Longeveron Inc. announced that extended long-term follow-up data from the Company?s ELPIS I trial of Lomecel-BTM for patients with hypoplastic left heart syndrome (HLHS) is being presented as a poster at the annual Scientific Sessions of the American Heart Association (AHA), being held in Philadelphia, PA on November 11-13, 2023. The poster, titled Long-term Transplant-free Survival Is Improved in Hypoplastic Left Heart Syndrome with Cell-based Therapy (Sunjay Kaushal, et al), showed that 100% of the 10 patients who participated in the ELPIS I trial survived and remained heart transplant-free for up to 5 years of age after receiving Lomecel-BTM during their Stage II surgery. The extended follow-up data on all patients enrolled in the study now includes monitoring for up to 5 years following treatment with Lomecel-BTM.

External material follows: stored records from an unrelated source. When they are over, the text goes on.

Lemma quad_vext n M v z : quad (S n) M (vext n v z) =
  Cadd (Cadd (Cadd (quad n M v) (Cmul (csum n (fun i => Cmul (Cconj (v i)) (M i n))) z))
    (Cmul (Cconj z) (csum n (fun j => Cmul (M n j) (v j)))))
    (Cmul (Cmul (Cconj z) (M n n)) z).
Proof.
assert (E : forall i, (i < n)%nat -> vext n v z i = v i).
{ intros i Hi. unfold vext. destruct (Nat.ltb_spec i n); [reflexivity|lia]. }
rewrite quad_succ, (quad_ext n M M (vext n v z) v), (csum_ext n _ (fun i => Cmul (Cconj (v i)) (M i n))),
  (csum_ext n (fun j => Cmul (M n j) (vext n v z j)) (fun j => Cmul (M n j) (v j)))
  by (intros; rewrite ?E; auto).
unfold vext. rewrite Nat.ltb_irrefl. reflexivity.
Qed.

Lemma Herm_diag_real n M : Herm (S n) M -> M n n = mkC (re (M n n)) 0.
Proof.
intros H. assert (E := f_equal im (H n n ltac:(lia) ltac:(lia))). simpl in E.
apply Ceq; simpl; lra.
Qed.

Lemma PSD_diag_nonneg n M : PSD (S n) M -> 0 <= re (M n n).
Proof.
intros H. specialize (H (vext n (fun _ => C0) C1)). rewrite quad_vext in H.
rewrite quad_expand, !csum_zero in H
  by (intros; try (apply csum_zero; intros); rewrite ?Cconj_C0; ring).
replace (re _) with (re (M n n)) in H by (f_equal; apply Ceq; simpl; ring). exact H.
Qed.

(* Otherwise the form would be negative at [v + x e_n] for [v = conj (row n)], [x] large. *)
Lemma PSD_zero_diag_row n M : Herm (S n) M -> PSD (S n) M -> re (M n n) = 0 ->
  forall j, (j < n)%nat -> M n j = C0.
Proof.
intros Hh Hp D.
set (v0 := fun j => Cconj (M n j)).
set (Sm := csum n (fun j => Cmul (M n j) (v0 j))).
set (sg := rsum n (fun j => re (M n j) * re (M n j) + im (M n j) * im (M n j))).
assert (reS : re Sm = sg) by (unfold Sm; rewrite re_csum; apply rsum_ext; intros; simpl; ring).
assert (imS : im Sm = 0) by (unfold Sm; rewrite im_csum; apply rsum_zero; intros; simpl; ring).
assert (sg0 : 0 <= sg) by (apply rsum_nonneg; intros; nra).
assert (Mnn : M n n = mkC 0 0) by (rewrite (Herm_diag_real n M Hh), D; reflexivity).
assert (Q : forall x, 0 <= re (quad n M v0) - 2 * x * sg).
{ intros x. specialize (Hp (vext n v0 (mkC (- x) 0))). rewrite quad_vext, Mnn in Hp.
  rewrite (csum_ext n (fun i => Cmul (Cconj (v0 i)) (M i n)) (fun j => Cmul (M n j) (v0 j))) in Hp.
  - fold Sm in Hp. simpl in Hp. rewrite reS, imS in Hp. lra.
  - intros i Hi. unfold v0. rewrite Cconj_involutive, (Hh i n), Cconj_involutive by lia.
    reflexivity. }
assert (sgz : sg = 0).
{ destruct (Req_dec sg 0) as [|Hs]; auto.
  specialize (Q ((re (quad n M v0) + 1) / (2 * sg))).
  replace (re (quad n M v0) - 2 * ((re (quad n M v0) + 1) / (2 * sg)) * sg) with (-1) in Q
    by (field; lra).
  lra. }
intros j Hj.
assert (Z : re (M n j) * re (M n j) + im (M n j) * im (M n j) = 0).
{ apply (rsum_nonneg_eq0 n (fun j => re (M n j) * re (M n j) + im (M n j) * im (M n j)));
    [intros; nra | exact sgz | exact Hj]. }
apply Ceq; simpl; nra.
Qed.

(* [d * / d] is [1], or [0] when [d = 0] (as [/ 0 = 0]); then the whole last row vanishes. *)
Lemma PSD_last_row_scale n M : Herm (S n) M -> PSD (S n) M -> forall j, (j < S n)%nat ->
  Cmul (M n j) (mkC (re (M n n) * / re (M n n)) 0) = M n j.
Proof.
intros Hh Hp j Hj. destruct (Req_dec (re (M n n)) 0) as [D|D].
- assert (Z : M n j = C0).
  { destruct (Nat.eq_dec j n) as [->|Hjn].
    - rewrite (Herm_diag_real n M Hh), D. reflexivity.
    - apply (PSD_zero_diag_row n M); auto; lia. }
  rewrite Z. apply Ceq; simpl; ring.
- rewrite Rinv_r by auto. apply Ceq; simpl; ring.
Qed.

Definition schur (n : nat) (M : mat) : mat :=
  fun i j => Csub (M i j) (Cmul (Cmul (M i n) (M n j)) (mkC (/ re (M n n)) 0)).

Lemma Herm_schur n M : Herm (S n) M -> Herm n (schur n M).
Proof.
intros Hh i j Hi Hj. unfold schur.
rewrite (Hh i j), (Hh n i), (Hh n j) by lia. apply Ceq; simpl; ring.
Qed.

(* Test the form of [M] on [v] extended by [z = - (row n . v) / M n n]. *)
Lemma PSD_schur n M : Herm (S n) M -> PSD (S n) M -> PSD n (schur n M).
Proof.
intros Hh Hp v.
set (d := re (M n n)). set (k := mkC (/ d) 0).
set (Sm := csum n (fun j => Cmul (M n j) (v j))).
set (A := csum n (fun i => Cmul (Cconj (v i)) (M i n))).
set (z := Cmul (Copp k) Sm).
assert (EB : quad n (schur n M) v = Csub (quad n M v) (Cmul (Cmul A k) Sm)).
{ rewrite !quad_expand. unfold A. rewrite <- !csum_mulr, <- csum_sub.
  apply csum_ext; intros i Hi. unfold Sm. rewrite <- csum_mull, <- csum_sub.
  apply csum_ext; intros j Hj. unfold schur. fold d k. ring. }
assert (Z : Cadd Sm (Cmul (mkC d 0) z) = C0).
{ assert (R : Cmul Sm (mkC (d * / d) 0) = Sm).
  { unfold Sm. rewrite <- csum_mulr. apply csum_ext; intros j Hj.
    rewrite <- (PSD_last_row_scale n M Hh Hp j) at 2 by lia. fold d. ring. }
  unfold z, k. rewrite <- R at 1. apply Ceq; simpl; ring. }
specialize (Hp (vext n v z)). rewrite quad_vext, (Herm_diag_real n M Hh) in Hp. fold A Sm d in Hp.
replace (Cadd (Cadd (Cadd (quad n M v) (Cmul A z)) (Cmul (Cconj z) Sm)) (Cmul (Cmul (Cconj z) (mkC d 0)) z))
  with (Cadd (Cadd (quad n M v) (Cmul A z)) (Cmul (Cconj z) (Cadd Sm (Cmul (mkC d 0) z)))) in Hp by ring.
rewrite Z in Hp. rewrite EB.
replace (Csub (quad n M v) (Cmul (Cmul A k) Sm))
  with (Cadd (Cadd (quad n M v) (Cmul A z)) (Cmul (Cconj z) C0)) by (unfold z; ring).
exact Hp.
Qed.

Definition wext (n : nat) (w' : nat -> vec) (L : vec) : nat -> vec :=
  fun k => if Nat.ltb k n then vext n (w' k) C0 else L.

Lemma gram_wext n w' L a a' :
  csum (S n) (fun k => Cmul (wext n w' L k a) (Cconj (wext n w' L k a'))) =
  Cadd (if Nat.ltb a n then if Nat.ltb a' n
        then csum n (fun k => Cmul (w' k a) (Cconj (w' k a'))) else C0 else C0)
       (Cmul (L a) (Cconj (L a'))).
Proof.
simpl. unfold wext at 3 4. rewrite Nat.ltb_irrefl. f_equal.
rewrite (csum_ext n _ (fun k => Cmul (vext n (w' k) C0 a) (Cconj (vext n (w' k) C0 a')))).
2:{ intros k Hk. unfold wext. destruct (Nat.ltb_spec k n); [reflexivity|lia]. }
unfold vext. destruct (Nat.ltb a n), (Nat.ltb a' n); try reflexivity;
  apply csum_zero; intros; rewrite ?Cconj_C0; ring.
Qed.

Lemma PSD_gram n M : Herm n M -> PSD n M ->
  exists w : nat -> vec, forall a a', (a < n)%nat -> (a' < n)%nat ->
    M a a' = csum n (fun k => Cmul (w k a) (Cconj (w k a'))).
Proof.
revert M. induction n as [|n IH]; intros M Hh Hp.
{ exists (fun _ _ => C0). intros; lia. }
set (d := re (M n n)).
assert (k0 : 0 <= / d).
{ assert (0 <= d) by apply (PSD_diag_nonneg n M Hp).
  destruct (Req_dec d 0) as [->|]; [rewrite Rinv_0; lra | left; apply Rinv_0_lt_compat; lra]. }
assert (Row := PSD_last_row_scale n M Hh Hp). fold d in Row.
assert (Mnn := Herm_diag_real n M Hh). fold d in Mnn.
destruct (IH (schur n M) (Herm_schur n M Hh) (PSD_schur n M Hh Hp)) as [w' Hw'].
set (r := sqrt (/ d)).
(* Factor the Schur complement and add the column [M . n / sqrt (M n n)]. *)
exists (wext n w' (fun a => Cmul (M a n) (mkC r 0))). intros a a' Ha Ha'. rewrite gram_wext.
replace (Cmul (Cmul (M a n) (mkC r 0)) (Cconj (Cmul (M a' n) (mkC r 0))))
  with (Cmul (Cmul (M a n) (M n a')) (mkC (/ d) 0)).
2:{ rewrite (Hh a' n) by lia. unfold r. rewrite <- (sqrt_sqrt (/ d) k0) at 1.
    apply Ceq; simpl; ring. }
destruct (Nat.ltb_spec a n), (Nat.ltb_spec a' n).
- rewrite <- Hw' by auto. unfold schur. fold d. ring.
- assert (a' = n) by lia. subst a'. rewrite Mnn, (Hh n a) by lia.
  rewrite <- (Row a) at 1 by lia. apply Ceq; simpl; ring.
- assert (a = n) by lia. subst a. rewrite Mnn.
  rewrite <- (Row a') at 1 by lia. apply Ceq; simpl; ring.
- assert (a = n) by lia. assert (a' = n) by lia. subst.
  rewrite <- (Row n) at 1 by lia. rewrite Mnn. apply Ceq; simpl; ring.
Qed.

(** * Product states *)

Definition tensor_mat (nB : nat) (rA rB : mat) : mat :=
  fun m m' => Cmul (rA (Nat.div m nB) (Nat.div m' nB)) (rB (Nat.modulo m nB) (Nat.modulo m' nB)).

Lemma quad_tensor_rank_one nA nB (w : vec) rB V :
  quad (nA * nB) (tensor_mat nB (fun a a' => Cmul (w a) (Cconj (w a'))) rB) V =
  quad nB rB (fun c => csum nA (fun a => Cmul (Cconj (w a)) (V (a * nB + c)%nat))).
Proof.
rewrite quad_pair, quad_expand, csum4_reorder.
apply csum_ext; intros c Hc; apply csum_ext; intros c' Hc'.
rewrite Cconj_csum, csum_mul_csum. apply csum_ext; intros a _; apply csum_ext; intros a' _.
unfold tensor_mat. rewrite !pair_div, !pair_mod, !Cconj_mul, Cconj_involutive by auto. ring.
Qed.

Lemma PSD_tensor nA nB rA rB : Herm nA rA -> PSD nA rA -> PSD nB rB ->
  PSD (nA * nB) (tensor_mat nB rA rB).
Proof.
intros HhA HpA HpB V. destruct (PSD_gram nA rA HhA HpA) as [w Hw].
rewrite (quad_ext (nA * nB) _
  (fun m m' => csum nA (fun k => tensor_mat nB (fun a a' => Cmul (w k a) (Cconj (w k a'))) rB m m'))
  V V).
- rewrite quad_csum, re_csum. apply rsum_nonneg; intros k _.
  rewrite quad_tensor_rank_one. apply HpB.
- intros m m' Hm Hm'. destruct (pair_bounds _ _ _ Hm), (pair_bounds _ _ _ Hm').
  unfold tensor_mat. rewrite Hw, csum_mulr by auto. reflexivity.
- reflexivity.
Qed.

Lemma density_tensor nA nB rA rB : density nA rA -> density nB rB ->
  density (nA * nB) (tensor_mat nB rA rB).
Proof.
intros [HhA [HpA TA]] [HhB [HpB TB]]. split; [|split].
- intros m m' Hm Hm'. destruct (pair_bounds _ _ _ Hm), (pair_bounds _ _ _ Hm').
  unfold tensor_mat. rewrite HhA, HhB, Cconj_mul by auto. reflexivity.
- apply PSD_tensor; auto.
- rewrite csum_pair.
  rewrite (csum_ext nA _ (fun a => Cmul (rA a a) (csum nB (fun c => rB c c)))).
  + rewrite TB, csum_mulr, TA. apply Ceq; simpl; ring.
  + intros a Ha. rewrite <- csum_mull. apply csum_ext; intros c Hc.
    unfold tensor_mat. rewrite pair_div, pair_mod by auto. reflexivity.
Qed.

Lemma Hent_ext b n e M M' : (forall i j, (i < n)%nat -> (j < n)%nat -> M i j = M' i j) ->
  Hent b n e M = Hent b n e M'.
Proof.
intros H. unfold Hent, prob. f_equal. apply rsum_ext; intros k _.
fold (quad n M (e k)) (quad n M' (e k)). rewrite (quad_ext n M M' (e k) (e k)); auto.
Qed.

Lemma condB_tensor nA nB rA rB u : Herm nA rA -> forall c c', (c < nB)%nat -> (c' < nB)%nat ->
  condB nA nB (tensor_mat nB rA rB) u c c' = scalemat (re (quad nA rA u)) rB c c'.
Proof.
intros HhA c c' Hc Hc'. unfold condB, scalemat.
rewrite (quad_ext nA _ (fun a a' => Cmul (rB c c') (rA a a')) u u).
- rewrite quad_scale. apply Ceq; simpl; rewrite (im_quad_Herm nA rA u HhA); ring.
- intros a a' _ _. unfold tensor_mat. rewrite !pair_div, !pair_mod by auto. ring.
- reflexivity.
Qed.

Lemma Hent_tensor b nA nB e f rA rB : onb nA e -> onb nB f -> density nA rA -> density nB rB ->
  Hent b (nA * nB) (prodbasis nB e f) (tensor_mat nB rA rB) = Hent b nA e rA + Hent b nB f rB.
Proof.
intros He Hf [HhA [HpA TA]] [HhB [HpB TB]].
assert (TrB : re (trace nB rB) = 1) by (unfold trace; rewrite TB; reflexivity).
rewrite Hent_prodbasis.
rewrite (rsum_ext nA _ (fun i => prob nA e rA i * Hent b nB f rB - plogp b (prob nA e rA i))).
- unfold Rminus. rewrite rsum_add, rsum_mulr, rsum_opp, rsum_prob_onb by auto.
  unfold trace. rewrite TA. unfold Hent at 2. simpl. ring.
- intros i Hi. rewrite (Hent_ext b nB f _ (scalemat (prob nA e rA i) rB)).
  + apply Hent_scalemat; auto. apply prob_nonneg; auto.
  + apply condB_tensor; auto.
Qed.

Lemma Hent_ptraceB b nA nB e rho :
  Hent b nA e (ptraceB nB rho) = entropy b nA (fun i => re (trace nB (condB nA nB rho (e i)))).
Proof. unfold Hent, entropy. f_equal. apply rsum_ext; intros. rewrite trace_condB. reflexivity. Qed.

Lemma Hent_ptraceA b nA nB f rho :
  Hent b nB f (ptraceA nA nB rho) = entropy b nB (fun l => re (trace nA (condA nB rho (f l)))).
Proof. unfold Hent, entropy. f_equal. apply rsum_ext; intros. rewrite trace_condA. reflexivity. Qed.

Theorem uncertainty_bipartite b (hb : 1 < b) nA nB XA YA XB YB
  (hXA : onb nA XA) (hYA : onb nA YA) (hXB : onb nB XB) (hYB : onb nB YB)
  lam mu (hlam : 0 < lam) (hmu : 0 < mu) cA cB :
  (forall rhoA, density nA rhoA -> lam * Hent b nA XA rhoA + mu * Hent b nA YA rhoA >= cA) ->
  (forall rhoB, density nB rhoB -> lam * Hent b nB XB rhoB + mu * Hent b nB YB rhoB >= cB) ->
  forall rho, density (nA * nB) rho ->
    lam * Hent b (nA * nB) (prodbasis nB XA XB) rho
    + mu * Hent b (nA * nB) (prodbasis nB YA YB) rho >= cA + cB.
Proof.
intros HA HB rho Hd.
assert (CondXA := uncertainty_mixture b nB XB YB lam mu cB hXB hYB HB nA
  (fun i => condB nA nB rho (XA i))
  (fun i _ => Herm_condB nA nB rho Hd (XA i)) (fun i _ => PSD_condB nA nB rho Hd (XA i))
  (rsum_trace_condB nA nB rho Hd XA hXA)).
assert (CondYB := uncertainty_mixture b nA XA YA lam mu cA hXA hYA HA nB
  (fun l => condA nB rho (YB l))
  (fun l _ => Herm_condA nA nB rho Hd (YB l)) (fun l _ => PSD_condA nA nB rho Hd (YB l))
  (rsum_trace_condA nA nB rho Hd YB hYB)).
cbv beta in CondXA, CondYB.
rewrite <- !Hent_prodbasis, <- Hent_ptraceB in CondXA.
rewrite <- !Hent_prodbasis_condA, <- Hent_ptraceA in CondYB.
assert (Sub := Hent_prodbasis_subadditive nA nB rho Hd b XA YB hb hXA hYB).
assert ((lam + mu) * Hent b (nA * nB) (prodbasis nB XA YB) rho
        <= (lam + mu) * (Hent b nA XA (ptraceB nB rho) + Hent b nB YB (ptraceA nA nB rho)))
  by (apply Rmult_le_compat_l; lra).
lra.
Qed.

The average age at the time of the last follow-up visit was 4.5 years, with 2 patients being 5 years of age. Additional long-term follow-up is ongoing in the ELPIS I participants. Historical results from outside studies have shown that children with HLHS have approximately 20% mortality by 5 years.

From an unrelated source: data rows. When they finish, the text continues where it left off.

(* Let $d\ge0$, $s,m\ge1$, and let $\mathbf{M}_0\in\mathbb{Z}^{s\times m}$ be an integer matrix such that $\bm{u}\mapsto\mathbf{M}_0\bm{u}$ is injective on $\{0,1\}^m$. Let $\mathbf{P}=\mathbf{H}_{2^d}\otimes\mathbf{M}_0$ and let $\mathbf{Q}^1,\mathbf{Q}^2$ be real matrices with $\mathbf{Q}^1-\mathbf{Q}^2=\mathbf{P}$, and $\mathbf{Q}=\begin{bmatrix}\mathbf{Q}^1\\ \mathbf{Q}^2\end{bmatrix}$. Let $\bm{x}=(\bm{x}_1,\dots,\bm{x}_{2^d})\in\{0,1\}^{2^dm}$ (blocks $\bm{x}_i\in\{0,1\}^m$), $\bm{n}'\in\mathbb{R}^{2^{d+1}s}$ and $\bm{y}'=\mathbf{Q}\bm{x}+\bm{n}'$. Consider the decoder: (1) compute $\bm{y}=\bm{y}'_u-\bm{y}'_l$ (upper half minus lower half of $\bm{y}'$); (2) compute $T_d(\bm{y})$ and split it into consecutive blocks $\bm{w}_1,\dots,\bm{w}_{2^d}\in\mathbb{R}^s$; (3) round each entry of each $\bm{w}_i$ to a nearest integer, obtaining $\tilde{\bm{w}}_i$; if $\tilde{\bm{w}}_i=\mathbf{M}_0\bm{u}$ for some (necessarily unique) $\bm{u}\in\{0,1\}^m$ output $\hat{\bm{x}}_i=\bm{u}$, otherwise output an arbitrary $\hat{\bm{x}}_i\in\{0,1\}^m$. Then the number of indices $i$ with $\hat{\bm{x}}_i\neq\bm{x}_i$ is at most $4\cdot 2^{-d}\lVert\bm{y}-\mathbf{P}\bm{x}\rVert_2^2\le 8\cdot2^{-d}\lVert\bm{n}'\rVert_2^2$; in particular $\hat{\bm{x}}=(\hat{\bm{x}}_1,\dots,\hat{\bm{x}}_{2^d})$ differs from $\bm{x}$ in at most $8m\,2^{-d}\lVert\bm{n}'\rVert_2^2$ coordinates.
   Context: $\mathbf{H}_{2^d}$ is the Sylvester-type Hadamard matrix: $\mathbf{H}_1=[1]$, $\mathbf{H}_{2k}=\begin{bmatrix}\mathbf{H}_k&\mathbf{H}_k\\ \mathbf{H}_k&-\mathbf{H}_k\end{bmatrix}$; $\otimes$ is the Kronecker product. The map $T_d:\mathbb{R}^{2^ds}\to\mathbb{R}^{2^ds}$ is defined recursively by $T_0(\bm{v})=\bm{v}$ and, for $d\ge1$, with $\bm{v}=(\bm{v}_u,\bm{v}_l)$ split into upper and lower halves, $T_d(\bm{v})=\big(T_{d-1}(\tfrac{\bm{v}_u+\bm{v}_l}{2}),T_{d-1}(\tfrac{\bm{v}_u-\bm{v}_l}{2})\big)$. *)

From HB Require Import structures.
From mathcomp Require Import all_boot all_order all_algebra.
From mathcomp Require Export mxtens.
From mathcomp Require Import reals.
Set Implicit Arguments. Unset Strict Implicit. Unset Printing Implicit Defensive.
Import Order.TTheory GRing.Theory Num.Theory.
Local Open Scope ring_scope.

Lemma pow2S d : (2 ^ d.+1 = 2 ^ d + 2 ^ d)%N.
Proof. by rewrite expnS mul2n addnn. Qed.

Lemma pow2S_mul d s : (2 ^ d.+1 * s = 2 ^ d * s + 2 ^ d * s)%N.
Proof. by rewrite pow2S mulnDl. Qed.

Fixpoint hadamard (R : pzRingType) (d : nat) : 'M[R]_(2 ^ d) :=
  match d as d0 return 'M[R]_(2 ^ d0) with
  | 0 => 1%:M
  | d'.+1 =>
      let H := hadamard R d' in
      castmx (esym (pow2S d'), esym (pow2S d')) (block_mx H H H (- H))
  end.

Fixpoint Tmap (R : fieldType) (s d : nat) : 'cV[R]_(2 ^ d * s) -> 'cV[R]_(2 ^ d * s) :=
  match d as d0 return 'cV[R]_(2 ^ d0 * s) -> 'cV[R]_(2 ^ d0 * s) with
  | 0 => fun v => v
  | d'.+1 => fun v =>
      let v' := castmx (pow2S_mul d' s, erefl 1%N) v in
      castmx (esym (pow2S_mul d' s), erefl 1%N)
        (col_mx (Tmap (2%:R^-1 *: (usubmx v' + dsubmx v')))
                (Tmap (2%:R^-1 *: (usubmx v' - dsubmx v'))))
  end.

(* The i-th block (entries i*k, ..., i*k + k - 1) of a vector of length n*k. *)
Definition blockv (T : Type) (n k : nat) (v : 'cV[T]_(n * k)) (i : 'I_n) : 'cV[T]_k :=
  \col_j v (mxtens_index (i, j)) 0.

Definition bvec (R : pzSemiRingType) (n : nat) (u : 'cV[bool]_n) : 'cV[R]_n :=
  map_mx (fun b : bool => (b%:R : R)) u.

Definition sqnorm (R : pzSemiRingType) (n : nat) (v : 'cV[R]_n) : R :=
  \sum_(i < n) v i 0 ^+ 2.

Arguments bvec {R n} u.
Arguments Tmap {R s d} _.
Arguments blockv {T n k} v i.
Arguments sqnorm {R n} v.

From HB Require Import structures.
From mathcomp Require Import all_boot all_order all_algebra.
From mathcomp Require Import mxtens ring lra.
From mathcomp Require Import reals.
Set Implicit Arguments. Unset Strict Implicit. Unset Printing Implicit Defensive.
Import Order.TTheory GRing.Theory Num.Theory.
Local Open Scope ring_scope.

(* Since Q^1 - Q^2 = P = H_{2^d} (x) M0, the difference
   y = y'_u - y'_l equals P x + e with e = n'_u - n'_l, and ||e||^2 <= 2||n'||^2.
   The map T_d is linear, it undoes P blockwise (the i-th block of T_d(P x) is
   M0 x_i), and it is a scaled isometry: 2^d ||T_d v||^2 = ||v||^2.  Hence the
   i-th block of T_d y is w_i = M0 x_i + E_i with sum_i ||E_i||^2 = 2^-d ||e||^2.
   If ||E_i||^2 < 1/4, every entry of w_i lies within 1/2 of the integer vector
   M0 x_i, so rounding recovers M0 x_i and the decoder outputs x_i.  A wrong
   block therefore has ||E_i||^2 >= 1/4, and counting such blocks (Markov's
   inequality) gives the bound 4 * 2^-d ||e||^2; a wrong block contributes at
   most m wrong coordinates.  (Injectivity of M0 only makes the decoder well
   defined; the bound does not use it.) *)

Lemma ord_add_ind n1 n2 (P : 'I_(n1 + n2) -> Prop) :
  (forall i, P (lshift _ i)) -> (forall i, P (rshift _ i)) -> forall i, P i.
Proof. by move=> Pl Pr i; rewrite -(splitK i); case: (split i). Qed.

Definition lo d (i : 'I_(2 ^ d)) : 'I_(2 ^ d.+1) :=
  cast_ord (esym (pow2S d)) (lshift (2 ^ d) i).
Definition hi d (i : 'I_(2 ^ d)) : 'I_(2 ^ d.+1) :=
  cast_ord (esym (pow2S d)) (rshift (2 ^ d) i).

Lemma lo_hi_ind d (P : 'I_(2 ^ d.+1) -> Prop) :
  (forall i, P (lo i)) -> (forall i, P (hi i)) -> forall i, P i.
Proof.
move=> Plo Phi i.
have -> : i = cast_ord (esym (pow2S d)) (cast_ord (pow2S d) i) by apply: val_inj.
by elim/ord_add_ind: (cast_ord (pow2S d) i) => k; [exact: Plo | exact: Phi].
Qed.

Lemma lo_idx d s (i : 'I_(2 ^ d)) (j : 'I_s) :
  cast_ord (esym (pow2S_mul d s)) (lshift _ (mxtens_index (i, j)))
  = mxtens_index (lo i, j).
Proof. by apply: val_inj. Qed.

Lemma hi_idx d s (i : 'I_(2 ^ d)) (j : 'I_s) :
  cast_ord (esym (pow2S_mul d s)) (rshift _ (mxtens_index (i, j)))
  = mxtens_index (hi i, j).
Proof. by apply: val_inj => /=; rewrite mulnDl addnA. Qed.

Lemma lo_cast d (i : 'I_(2 ^ d)) : cast_ord (pow2S d) (lo i) = lshift _ i.
Proof. by apply: val_inj. Qed.

Lemma hi_cast d (i : 'I_(2 ^ d)) : cast_ord (pow2S d) (hi i) = rshift _ i.
Proof. by apply: val_inj. Qed.

Lemma big_tens (T : Type) (idx : T) (op : Monoid.com_law idx) a b
    (F : 'I_(a * b) -> T) :
  \big[op/idx]_(k < a * b) F k
  = \big[op/idx]_(i < a) \big[op/idx]_(j < b) F (mxtens_index (i, j)).
Proof.
rewrite pair_bigA /= (reindex (@mxtens_index a b)) /=; first by apply: eq_bigr => -[].
by exists (@mxtens_unindex a b) => k _; rewrite (mxtens_indexK, mxtens_unindexK).
Qed.

Lemma blockv_lo (T : Type) d s (A B : 'cV[T]_(2 ^ d * s)) i :
  blockv (castmx (esym (pow2S_mul d s), erefl 1%N) (col_mx A B)) (lo i)
  = blockv A i.
Proof.
apply/matrixP => j l; rewrite !mxE castmxE /= cast_ord_id -lo_idx.
by rewrite cast_ordK col_mxEu.
Qed.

Lomecel-BTM has received Rare Pediatric Disease Designation, Fast Track Designation, and Orphan Drug Designation by the US Food and Drug Administration (FDA) for the HLHS indication. The ELPIS I trial (NCT03525418) was an open-label, Phase 1b study designed to evaluate the safety of Lomecel-BTM in patients with HLHS. Patients underwent the Glenn Procedure (an open-heart surgery) at approximately 4-5 months of age.

The results from the ELPIS I trial, which were previously reported, showed that the study met its primary safety endpoint and that all patients were alive, transplant-free, and maintained their expected rate of growth one year after treatment.